このプロトコルを使用した体細胞突然変異誘発の効率は約40%に達しました F1変異オスを野生型のメスと交配させてヘテロ接合型のF2メスを産生し、交配しない場合はF3オスを産生した。変異F3オスをヘテロ接合メスと交配して、F4ホモ接合変異メスを生成しました。突然変異誘発が成功した結果、標的遺伝子の喪失と相関する異常な行動が観察された。
Orcoの喪失は、フェロモン感知の喪失、獲物を検出できないこと、繁殖力の低下、およびコロニーからの徘徊に関連しています。このプロトコルを実行する場合、注射中の胚の損傷を最小限に抑える必要があります。

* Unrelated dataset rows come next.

Lemma follow_prefix_free p q J A o o' :
  follow p J A (Some o) -> follow q J A (Some o') -> prefix p q -> p = q.
Proof.
elim: p q J A => [|b p IH] [|c q] J A Hp Hq //=.
  have [A1 HA] := follow_nil_inv Hp.
  have [B1 [B2 [B3 [G1 _ _ _]]]] := follow_cons_inv Hq.
  by case: (read_unary_det HA G1).
case/andP => /eqP ? Hpre; subst c.
have [A1 [A2 [A3 [H1 H2 H3 H4]]]] := follow_cons_inv Hp.
have [B1 [B2 [B3 [G1 G2 G3 G4]]]] := follow_cons_inv Hq.
case: (read_unary_det H1 G1) => _ ?; subst.
have ? := skip_unary_det H2 G2; subst.
have ? := skip_unary_det H3 G3; subst.
by rewrite (IH _ _ _ H4 G4 Hpre).
Qed.

Definition decoder_machine : machine :=
  fun p c o => cm_computes decoder (nat_of_bits p) (nat_of_bits c) (nat_of_bits o).

Lemma decoder_machine_prefix_free : prefix_free_machine decoder_machine.
Proof.
split; first by exists decoder.
move=> c p q o o' /decoder_computesP Hp /decoder_computesP Hq Hpre.
case: Hp => [[_ //]|[J [A [A' [H1 H2 H3]]]]].
case: Hq => [[_ //]|[J' [B [B' [G1 G2 G3]]]]].
case: (parse_pair_det H1 G1) => ? ?; subst.
have ? := skip_unary_det H2 G2; subst.
exact: follow_prefix_free H3 G3 Hpre.
Qed.

Lemma parse_pair_bits z alpha J :
  parse_pair J (nat_of_bits (pair_bits z alpha)) (Some (foldl push_bit J z, nat_of_bits alpha)).
Proof.
elim: z J => [|b z IH] J.
  have := @ParseSep J (nat_of_bits [:: false, true & alpha]).
  by rewrite !pop_bit_cons; apply=> //; rewrite /= addn1.
have -> : pair_bits (b :: z) alpha = [:: b, b & pair_bits z alpha] by [].
have [k hk] := nat_of_bits_consS b (b :: pair_bits z alpha).
have C_gt0 : 0 < nat_of_bits [:: b, b & pair_bits z alpha] by rewrite hk.
by case: b {hk} C_gt0 => C_gt0; [apply: ParseTrue | apply: ParseFalse]; rewrite ?pop_bit_cons.
Qed.

(** * Karchmer-Wigderson walks in formulas *)

(* Walk down F keeping a child of value pos at z: where z determines such a
   child (an [FOr] node when pos is true, an [FAnd] node when it is false)
   take it, elsewhere let the next bit of s choose.  The value is i.+1 if s is
   used up exactly when the walk reaches a literal on x_i, and 0 otherwise. *)
Fixpoint leaf_of n (F : formula n) (z : n.-tuple bool) (pos : bool) (s : seq bool) : nat :=
  match F with
  | Lit i _ => if s is [::] then (nat_of_ord i).+1 else 0
  | FAnd G H => if pos then (if s is b :: s' then leaf_of (if b then H else G) z pos s' else 0)
                else leaf_of (if ~~ feval G z then G else H) z pos s
  | FOr G H => if pos then leaf_of (if feval G z then G else H) z pos s
               else (if s is b :: s' then leaf_of (if b then H else G) z pos s' else 0)
  end.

これは、針先が大きく開きすぎないようにし、注入時に針をゆっくりと動かすことで行うことができます。
同様の技術を使用してトランスジェニックアリを生成および維持することができ、ニューロンの活動および行動を調査するためのより洗練されたツールを提供する。CRISPRを介した神経新生は、ミツバチ、クローン侵入アリ、ヒアリなどの他の真社会性昆虫種で使用されています。遺伝子組み換えは、真社会性昆虫の発生、生理、社会的行動に関する機能的研究を促進します。